我使用以下命令行(GHC 7.8.3)编译了程序:
ghc -Wall -O2 -prof -fprof-auto "-with-rtsopts=-M512M -p -s -h -i0.1" SampleB.hs
如果能帮助我使这个东西在合理的空间中运行(按输入文件大小的顺序),我将不胜感激,但我尤其希望找到瓶颈在哪里以及在哪里以及如何强制执行的思考过程严格。
我的猜测是,以某种方式强制 longestCommonSubstrB 函数严格评估会解决问题,但我不知道该怎么做。
{-# LANGUAGE BangPatterns #-}
module Main where
import System.Environment (getArgs)
import qualified Data.ByteString.Lazy.Char8 as B
import Data.List (maximumBy, sort)
import Data.Function (on)
import Data.Char (isSpace)
-- | Returns a list of lexicon items, i.e. [[w1,w2,w3]]

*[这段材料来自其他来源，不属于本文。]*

(* Orientability.  An orientation of G is recorded relative to the fixed one
   by o : E -> bool (the positive direction of e is (e, o e)). *)
Definition positively_orientable (E : Type) (fe : E -> seq (E * bool)) : Prop :=
  exists o : E -> bool, forall e,
    all (fun a => a.2 == o a.1) (map_oedge fe (e, o e)).
Definition negatively_orientable (E : Type) (fe : E -> seq (E * bool)) : Prop :=
  exists o : E -> bool, forall e,
    all (fun a => a.2 != o a.1) (map_oedge fe (e, o e)).
Definition orientable (E : Type) (fe : E -> seq (E * bool)) : Prop :=
  positively_orientable fe \/ negatively_orientable fe.

(* The transition matrix of \hat f lifts that of f along the projection
   E * bool -> E: summing it over the fibre of either index gives back the
   transition matrix of f.  Pulling a left eigenvector of f back along the
   projection gives one of \hat f for the same eigenvalue, so
   lambda_f <= lambda_\hat f.  Conversely, if w is a left eigenvector of \hat f
   for z, the fibre sums u of |w| satisfy |z| u <= u M_f, and the
   Collatz-Wielandt bound gives |z| <= lambda_f.

   The transition graph of \hat f is invariant under exchanging the two sheets,
   and walks of f lift to walks of \hat f with a prescribed sheet at either
   end.  If f is primitive with exponent m but \hat f is not, then at the times
   2m and 2m+1 only one sheet over a fixed edge e0 can reach the positive sheet
   of e0.  Orienting every edge by the sheet from which (e0, +) is reached in
   m steps then makes each crossing in f(e) either always agree or always
   disagree with the orientation, i.e. f is orientable.  Conversely, for an
   orientable f the side at the end of a walk is determined by the side at its
   start and the parity of its length, which rules out primitivity. *)

From Pilot Require Import Defs.
From HB Require Import structures.
From mathcomp Require Import all_boot all_order all_algebra all_field.
From mathcomp Require Import ring.
Import Order.TTheory GRing.Theory Num.Theory.
Local Open Scope ring_scope.
Set Implicit Arguments. Unset Strict Implicit. Unset Printing Implicit Defensive.

Section SpectralRadius.
Variable n : nat.
Implicit Type A : 'M[algC]_n.

Lemma char_poly_eigenvalues A :
  char_poly A = \prod_(z <- eigenvalues A) ('X - z%:P).
Proof.
rewrite /eigenvalues; case: closed_field_poly_normal => r /= ->.
by rewrite (monicP (char_poly_monic A)) scale1r.
Qed.

Lemma mem_eigenvalues A z : (z \in eigenvalues A) = eigenvalue A z.
Proof. by rewrite eigenvalue_root_char char_poly_eigenvalues root_prod_XsubC. Qed.

Lemma spectral_radius_ge0 A : 0 <= spectral_radius A.
Proof.
rewrite /spectral_radius; elim/big_ind: _ => // x y x0 y0.
by rewrite comparable_le_max ?x0 // real_comparable ?ger0_real.
Qed.

Lemma norm_le_spectral_radius A z : eigenvalue A z -> `|z| <= spectral_radius A.
Proof.
rewrite -mem_eigenvalues /spectral_radius; elim: (eigenvalues A) => //= y s IH.
rewrite big_cons comparable_le_max; last first.
  by rewrite real_comparable ?normr_real ?bigmax_real // => x _; rewrite normr_real.
by case/predU1P=> [->|/IH ->]; rewrite ?lexx ?orbT.
Qed.

Lemma spectral_radius_le A X :
  0 <= X -> (forall z, eigenvalue A z -> `|z| <= X) -> spectral_radius A <= X.
Proof.
move=> X0 leX; rewrite /spectral_radius big_seq; apply: bigmax_le => // z.
by rewrite mem_eigenvalues; apply: leX.
Qed.

End SpectralRadius.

readLexicon :: FilePath -> IO [[B.ByteString]]
readLexicon filename = do
text <- B.readFile filename
return $ map (B.split '\t' . stripR) . B.lines $ text
where
stripR = B.reverse . B.dropWhile isSpace . B.reverse
transformOne :: [B.ByteString] -> B.ByteString
transformOne (w1:w2:w3:[]) =
B.intercalate (B.pack "|") [w1, longestCommonSubstrB w2 w1, w3]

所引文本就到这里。